弊社のようなソフトウェア開発会社が、そうした安価なフリーランスのソフトウェア開発者と同じ土俵で勝負するのは正直無理があるため、違う分野で勝負して、専業として食べていけるだけの金額を稼ぐ必要があります。
ツールの発達・情報の一般化
2000年前後、webサイト開発は(少なくとも金額的には今より)高度な仕事でした。ページ数で数ページ、DBのテーブルも2つ3つ程度の簡単なサイトが、開発に100万かかるというのも普通な時代でした。現在では、WordPress をインストールしてちょっと設定変更して終わり、という形で、1〜2万で済んでしまう可能性もあります。ツールの発達により技術が陳腐化した一例です。
また、現在では、自学者にとっても良い時代です。以下のような情報を元に、サイトを作る技術は比較的簡単に得ることが出来ます。
- 書籍も豊富
- 公式リファレンスが充実しているソフトも多い
- ネット上に分かりやすい解説記事が沢山ある
- 安価な有料のコース(ドットインストール、Udemyなど)
プロの土俵で勝負できないと淘汰される
では、弊社のようなソフトウェア開発会社や専業のフリーランスの開発者はどうしていけば良いでしょうか。自明かもしれませんが、アマチュア、あるいは低価格の人と同じ土俵で勝負しない、に尽きると思います。つまり、高い価格に見合った価値を提供する必要があります。
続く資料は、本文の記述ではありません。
Lemma nrm2D x y : nrm2 (x + y) = nrm2 x + nrm2 y + 2 * Re (ip x y).
Proof. by have := Re_ipC x y; rewrite ipDl !ipDr !ReD; lra. Qed.
Lemma nrm2B x y : nrm2 (x - y) = nrm2 x + nrm2 y - 2 * Re (ip x y).
Proof. by have := Re_ipC x y; rewrite ipBl !ipBr !ReD !ReN; lra. Qed.
Lemma Re_ipZr a x y : Re (ip x (a *: y)) = Re a * Re (ip x y) + Im a * Im (ip x y).
Proof. by rewrite ipZr ReM ReJ ImJ; ring. Qed.
Lemma nrm2Z a x : nrm2 (a *: x) = (Re a ^+ 2 + Im a ^+ 2) * nrm2 x.
Proof. by rewrite ipZl ipZr ipxx ReM ImM /=; case: a => a b /=; ring. Qed.
Lemma nrm2_orth x y : ip x y = 0 -> nrm2 (x + y) = nrm2 x + nrm2 y.
Proof. by move=> h; rewrite nrm2D h /=; ring. Qed.
Lemma parallelogram x y : nrm2 (x - y) + nrm2 (x + y) = 2 * nrm2 x + 2 * nrm2 y.
Proof. by rewrite nrm2B nrm2D; ring. Qed.

Lemma nrm_ge0 x : 0 <= nrm x.
Proof. exact: sqrtr_ge0. Qed.
Lemma sqr_nrm x : nrm x ^+ 2 = nrm2 x.
Proof. by rewrite /Defs.nrm sqr_sqrtr // nrm2_ge0. Qed.
Lemma nrm_eq0 x : nrm x = 0 -> x = 0.
Proof. by move=> h; apply: nrm2_eq0; rewrite -sqr_nrm h expr0n. Qed.
Lemma nrm0 : nrm 0 = 0.
Proof. by rewrite /Defs.nrm ip0l sqrtr0. Qed.
Lemma nrm_ltE v e : 0 < e -> (nrm v < e) = (nrm2 v < e ^+ 2).
Proof. by move=> he; rewrite -sqr_nrm ltr_sqr ?nnegrE ?nrm_ge0 ?ltW. Qed.
Lemma nrmZ a x : nrm (a *: x) = Num.sqrt (Re a ^+ 2 + Im a ^+ 2) * nrm x.
Proof. by rewrite /Defs.nrm nrm2Z sqrtrM // addr_ge0 // sqr_ge0. Qed.
Lemma nrmN x : nrm (- x) = nrm x.
Proof. by rewrite -scaleN1r nrmZ /= oppr0 expr0n /= sqrrN expr1n addr0 sqrtr1 mul1r. Qed.
Lemma nrmBC x y : nrm (x - y) = nrm (y - x).
Proof. by rewrite -nrmN opprB. Qed.

Lemma Re_ip_le_nrm x y : Re (ip x y) <= nrm x * nrm y.
Proof.
set b := Re (ip x y).
have hx := nrm2_ge0 x; have hy := nrm2_ge0 y.
suff hb : b ^+ 2 <= nrm2 x * nrm2 y.
  have := mulr_ge0 (nrm_ge0 x) (nrm_ge0 y).
  have : b ^+ 2 <= (nrm x * nrm y) ^+ 2 by rewrite exprMn !sqr_nrm.
  nra.
have [y0|hy0] := eqVneq (nrm2 y) 0.
  have -> : b = 0 by rewrite /b (nrm2_eq0 y0) ip0r.
  by rewrite expr0n mulr_ge0.
have hyp : 0 < nrm2 y by rewrite lt0r hy0.
(* expand 0 <= nrm2 (x + t y) at the optimal t = - b / nrm2 y *)
have := nrm2_ge0 (x + (- b / nrm2 y)%:C *: y).
rewrite nrm2D nrm2Z Re_ipZr /= expr0n /= !addr0 mul0r addr0 -/b.
have -> : nrm2 x + (- b / nrm2 y) ^+ 2 * nrm2 y + 2 * (- b / nrm2 y * b) =
          (nrm2 x * nrm2 y - b ^+ 2) / nrm2 y by field; exact: hy0.
by rewrite pmulr_lge0 ?invr_gt0 // subr_ge0.
Qed.

Lemma nrmD x y : nrm (x + y) <= nrm x + nrm y.
Proof.
rewrite -(ler_sqr (x := nrm (x + y))) ?nnegrE ?addr_ge0 ?nrm_ge0 //.
by rewrite sqr_nrm nrm2D sqrrD !sqr_nrm; have := Re_ip_le_nrm x y; lra.
Qed.
Lemma nrm_tri a b c : nrm (a - c) <= nrm (a - b) + nrm (b - c).
Proof. by rewrite -[a - c](subrKA b); exact: nrmD. Qed.

Definition cauchy_seq (u : nat -> H) := forall e : R, 0 < e ->
  exists N, forall m n, (N <= m)%N -> (N <= n)%N -> nrm (u m - u n) < e.
Definition converges_to (u : nat -> H) (l : H) := forall e : R, 0 < e ->
  exists N, forall n, (N <= n)%N -> nrm (u n - l) < e.

Lemma perp_self_eq0 (Z : H -> Prop) x : Z x -> perp ip Z x -> x = 0.
Proof. by move=> hz hp; case: hip => _ _ _; apply; exact: hp. Qed.

Lemma perp_closed_subspace M : closed_subspace ip (perp ip M).
Proof.
split.
- by move=> y _; exact: ip0l.
- by move=> x y hx hy z hz; rewrite ipDl hx // hy // addr0.
- by move=> a x hx z hz; rewrite ipZl hx // mulr0.
move=> x hx y hy; apply: sqr_Re_Im_le0.
set c := ip x y; set r := Re c ^+ 2 + Im c ^+ 2.
rewrite leNgt; apply/negP => hr.
have hB := nrm_ge0 (c *: y).
have he : 0 < r / (nrm (c *: y) + 1) by rewrite divr_gt0 // ltr_wpDl.
have [z [hz hxz]] := hx _ he.
(* z is orthogonal to y, so Re <x - z, c y> = r, while Cauchy-Schwarz makes it small *)
have hcs := Re_ip_le_nrm (x - z) (c *: y).
rewrite Re_ipZr ipBl (hz _ hy) subr0 -/c in hcs.
have ht : r / (nrm (c *: y) + 1) * (nrm (c *: y) + 1) = r by rewrite divfK // gt_eqF // ltr_wpDl.
have := nrm_ge0 (x - z); move: hxz hcs ht he.
set t := r / _; set n := nrm (x - z); set B := nrm _ => h1 h2 h3 h4 h5.
have : n * B <= t * B by rewrite ler_wpM2r // ltW.
rewrite /r in h3 *; nra.
Qed.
弊社としては、以下のような価値を提供することで、とりあえずは生き延びています。
- 割と供給が少ない技術
- クラウド上のインフラの構築、自動化
- ニッチな技術、あるいは新しい技術
- パフォーマンス・チューニング
- プロジェクト管理
- 複数人いないと出来ない規模の開発を、うまく管理して進める
- 病気等で人が抜けた場合でも、他の人が代わりとなりプロジェクトを継続
- その他
- 特急対応
- 火消し
- 御用聞き、相談
また、多くの(特に応用)技術はコモディティ化していく運命なので、常に新しい技術分野に進出すると共に、コモディティ化しないような基礎技術や知識を磨き続ける必要があると感じています。
まとめ
Coconala やその他の便利なプラットフォームが今後も出てきて、供給が増えると共に、受注側と発注側のマッチングが格段に簡単になっていくでしょう。それにともなって、多くのスキルはコモディティ化していきますので、フリーランス・あるいは企業としては、同じ土俵で勝負せず、新しい技術分野への進出、コモディティ化しないスキル・価値の提供を行っていく必要があると思います。